Little Indices Problem

• Jul 21st 2010, 05:23 AM
Lites
Little Indices Problem
Hello again guys,

I have five problems to solve but found myself stuck by this question other thought to be very simple but I am unfortunately not. :( Could you guys explain it how to solve this problem? I don't know how to make the base number the same because both a and b is variable and not number. Thank you very much for your help. :)

Solve the following simultaneous equations:

$75 = ab^2, 275 = ab^3$

My first time using the Latex software, so please forgive me if I've made a mistake.
• Jul 21st 2010, 05:29 AM
Quote:

Originally Posted by Lites
Hello again guys,

I have five problems to solve but found myself stuck by this question other thought to be very simple but I am unfortunately not. :( Could you guys explain it how to solve this problem? I don't know how to make the base number the same because both a and b is variable and not number. Thank you very much for your help. :)

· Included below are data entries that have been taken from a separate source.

(* Let $G$ be a graph with $n$ vertices and adjacency matrix $A$. (i) If all eigenvalues of $A$ are equal to $\pm 1$, then $G=\frac{n}{2}K_2$. (ii) If all but one eigenvalue of $A$ (counted with multiplicity) are equal to $\pm 1$, then $G$ is a disjoint union of complete graphs in which all but one of the connected components are equal to $K_2$. (iii) If $A$ has exactly two eigenvalues $r$ and $s$ with $r\geq s$ (counted with multiplicity) different from $\pm 1$, then either $r>1$ and $s<-1$, or $G$ is a disjoint union of complete graphs with exactly two connected components different from $K_2$.
   Context: Graphs are finite, simple and undirected. Eigenvalues of a graph are those of its adjacency matrix. $\frac{n}{2}K_2$ denotes the disjoint union of $n/2$ copies of the complete graph $K_2$ (a perfect matching). *)

(* Eigenvalues taken over algC (algebraically closed), so the
   characteristic polynomial splits and eigenvalues with multiplicity are the
   multiset of roots of char_poly. *)
From HB Require Import structures.
From mathcomp Require Import all_boot all_order all_algebra all_field.
Set Implicit Arguments. Unset Strict Implicit. Unset Printing Implicit Defensive.
Import Order.TTheory GRing.Theory Num.Theory.
Local Open Scope ring_scope.

(* A simple graph on vertex set 'I_n is a symmetric irreflexive relation e. *)

Definition adjmx (n : nat) (e : rel 'I_n) : 'M[algC]_n :=
  \matrix_(i, j) (e i j)%:R.

Definition eigenvalues_of (n : nat) (A : 'M[algC]_n) (s : seq algC) : Prop :=
  char_poly A = \prod_(x <- s) ('X - x%:P).

Definition pm1 (x : algC) : bool := (x == 1) || (x == -1).

(* G = (n/2) K_2 : every vertex has exactly one neighbour. *)
Definition perfect_matching_graph (n : nat) (e : rel 'I_n) : Prop :=
  forall x, #|[set y | e x y]| = 1%N.

Definition comp (n : nat) (e : rel 'I_n) (x : 'I_n) : {set 'I_n} :=
  [set y | connect e x y].

Definition comps (n : nat) (e : rel 'I_n) : {set {set 'I_n}} :=
  [set comp e x | x : 'I_n].

Definition union_of_cliques (n : nat) (e : rel 'I_n) : Prop :=
  forall x y, connect e x y -> x != y -> e x y.

(* In a union of cliques, a component is K_2 iff it has exactly 2 vertices. *)
Definition is_K2_comp (n : nat) (C : {set 'I_n}) : bool := #|C| == 2%N.

(* The adjacency matrix A is Hermitian, so by the spectral theorem the rank
   of A^2 - 1 is the number of eigenvalues different from 1 and -1, and the
   quadratic form of A is bounded by its extreme eigenvalues.  In (i) this
   rank is 0, so A^2 = 1 and every vertex has degree one.  If the spectrum
   lies in [-1, +oo) (resp. (-oo, 1]), testing the quadratic form on the vector
   (1, -1, 1) (resp. (1, 1, 1)) supported by a path a - b - c forces a ~ c, so
   G has no induced P3 and is a disjoint union of cliques.  For such a graph
   (A^2 - 1)_vw = [v ~* w] (|C_v| - 2), which factors as X^T diag(|C| - 2) X
   through the incidence matrix X of the components other than K2; the rows
   of X are orthogonal, so the rank of A^2 - 1 counts these components.
   Unless r > 1 and s < -1, one of the two one-sided bounds holds in (ii)
   and (iii). *)

From Pilot Require Import Defs.
From HB Require Import structures.
From mathcomp Require Import all_boot all_order all_algebra all_field.
From mathcomp Require Import ring.
Set Implicit Arguments. Unset Strict Implicit. Unset Printing Implicit Defensive.
Import Order.TTheory GRing.Theory Num.Theory.
Local Open Scope ring_scope.
Local Open Scope sesquilinear_scope.

Lemma char_poly_similar (F : fieldType) n (P A : 'M[F]_n) : P \in unitmx ->
  char_poly (invmx P *m A *m P) = char_poly A.
Proof.
move=> Pu; rewrite /char_poly /char_poly_mx !map_mxM map_invmx.
set Q := map_mx polyC P; have Qu : Q \in unitmx by rewrite map_unitmx.
have XQ : ('X%:M : 'M_n) = invmx Q *m 'X%:M *m Q.
  by rewrite -mulmxA -scalar_mxC mulmxA mulVmx // mul1mx.
rewrite {1}XQ -mulmxBl -mulmxBr !det_mulmx mulrAC -det_mulmx mulVmx //.
by rewrite det1 mul1r.
Qed.

Lemma mxrank_diag (F : fieldType) m (d : 'rV[F]_m) :
  \rank (diag_mx d) = count (fun i => d 0 i != 0) (enum 'I_m).
Proof.
elim: m d => [|m IHm] d.
  by rewrite flatmx0 mxrank0; case: (enum _) (size_enum_ord 0).
have -> : diag_mx d = block_mx (diag_mx (lsubmx (d : 'rV_(1 + m)))) 0 0
                               (diag_mx (rsubmx (d : 'rV_(1 + m)))).
  by rewrite -diag_mx_row hsubmxK.
rewrite (@rank_diag_block_mx _ 1 1 m m) IHm enum_ordSl /= count_map; congr (_ + _)%N.
  have [d0|d0] := eqVneq (d 0 ord0) 0.
    by apply/eqP; rewrite mxrank_eq0; apply/eqP/matrixP => i j;
       rewrite !ord1 !mxE -d0 /=; congr (d _ _); exact: val_inj.
  rewrite mxrank_unit // unitmxE det_diag big_ord1 mxE unitfE.
  by rewrite (_ : lshift m 0 = ord0) //; exact: val_inj.
by apply: eq_count => i /=; rewrite mxE; congr (d _ _ != 0); exact: val_inj.
Qed.

Lemma mxrank_unitary_conj (C : numClosedFieldType) n (U B : 'M[C]_n) : U \is unitarymx ->
  \rank (U^t* *m B *m U) = \rank B.
Proof.
move=> U_unitary; have Uu := unitarymx_unit U_unitary.
have Utu : U^t* \in unitmx by rewrite -invmx_unitary // unitmx_inv.
by rewrite mxrankMfree ?row_free_unit // eqmxMfull ?row_full_unit.
Qed.

Lemma diag_formE (C : numClosedFieldType) m (y D : 'rV[C]_m) :
  (y *m diag_mx D *m y^t*) 0 0 = \sum_k D 0 k * (y 0 k * (y 0 k)^*).
Proof.
by rewrite mxE; apply: eq_bigr => k _; rewrite mul_mx_diag !mxE mulrCA mulrA.
Qed.

Section HermitianSpectrum.
Variables (n : nat) (A : 'M[algC]_n) (s : seq algC).
Hypotheses (A_herm : A \is hermsymmx) (A_eig : eigenvalues_of A s).

Local Notation P := (spectralmx A).
Local Notation d := (spectral_diag A).

Lemma hermitian_spectral_decomp : A = P^t* *m diag_mx d *m P.
Proof.
have /orthomx_spectralP {1}-> := hermitian_normalmx A_herm.
by rewrite invmx_unitary // spectral_unitarymx.
Qed.

Lemma eigenvalues_hermitianE : perm_eq s [seq d 0 i | i <- enum 'I_n].
Proof.
apply: prod_XsubC_eq; rewrite -A_eig.
have /orthomx_spectralP {1}-> := hermitian_normalmx A_herm.
rewrite char_poly_similar ?spectral_unit // char_poly_trig ?diag_mx_is_trig //.
rewrite big_map big_enum /=.
by apply: eq_bigr => i _; rewrite mxE eqxx mulr1n.
Qed.

Lemma eigenvalue_hermitian_real x : x \in s -> x \is Num.real.
Proof.
rewrite (perm_mem eigenvalues_hermitianE) => /mapP[i _ ->].
by have /mxOverP := hermitian_spectral_diag_real A_herm; apply.
Qed.

Lemma mxrank_sqr_sub1 : \rank (A *m A - 1%:M) = count (predC pm1) s.
Proof.
have P_unitary := spectral_unitarymx A.
have PtP : P^t* *m P = 1%:M by rewrite -invmx_unitary // mulVmx // spectral_unit.
have -> : A *m A - 1%:M = P^t* *m diag_mx (\row_i (d 0 i ^+ 2 - 1)) *m P.
  have -> : diag_mx (\row_i (d 0 i ^+ 2 - 1)) = diag_mx d *m diag_mx d - 1%:M.
    apply/matrixP => i j; rewrite mulmx_diag !mxE.
    by case: eqVneq => _; rewrite ?expr2 ?subr0.
  rewrite [in LHS]hermitian_spectral_decomp !mulmxA mulmxtVK //.
  by rewrite mulmxBr mulmxBl mulmx1 PtP !mulmxA.
rewrite mxrank_unitary_conj // mxrank_diag.
rewrite (permP eigenvalues_hermitianE (predC pm1)) [in RHS]count_map.
by apply: eq_count => i; rewrite mxE /= subr_eq0 sqrf_eq1.
Qed.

Solve the following simultaneous equations:

$75 = ab^2, 275 = ab^3$

My first time using the Latex software, so please forgive me if I've made a mistake.

$b\left(ab^2\right)=ab^3\ \Rightarrow\ b=\frac{275}{75}=\frac{11}{3}$

Then $a=\frac{75}{b^2}$
• Jul 21st 2010, 05:52 AM
Lites
Quote:

$b\left(ab^2\right)=ab^3\ \Rightarrow\ b=\frac{275}{75}=\frac{11}{3}$

Then $a=\frac{75}{b^2}$

Thank you for your time Archie Meade, you've always come to help. But when I check it again, the key of the book says Do you know how do they get those answers?

a = 3, b = 5?

I'm sorry if I don't understand you fully.
• Jul 21st 2010, 05:52 AM
HallsofIvy
What I would do is "divide one equation by the other":
$\frac{275}{75}= \frac{ab^3}{ab^2}= b$

$\frac{275}{75}= \frac{11(25)}{3(25)}= \frac{11}{3}$ as Archie Mead said.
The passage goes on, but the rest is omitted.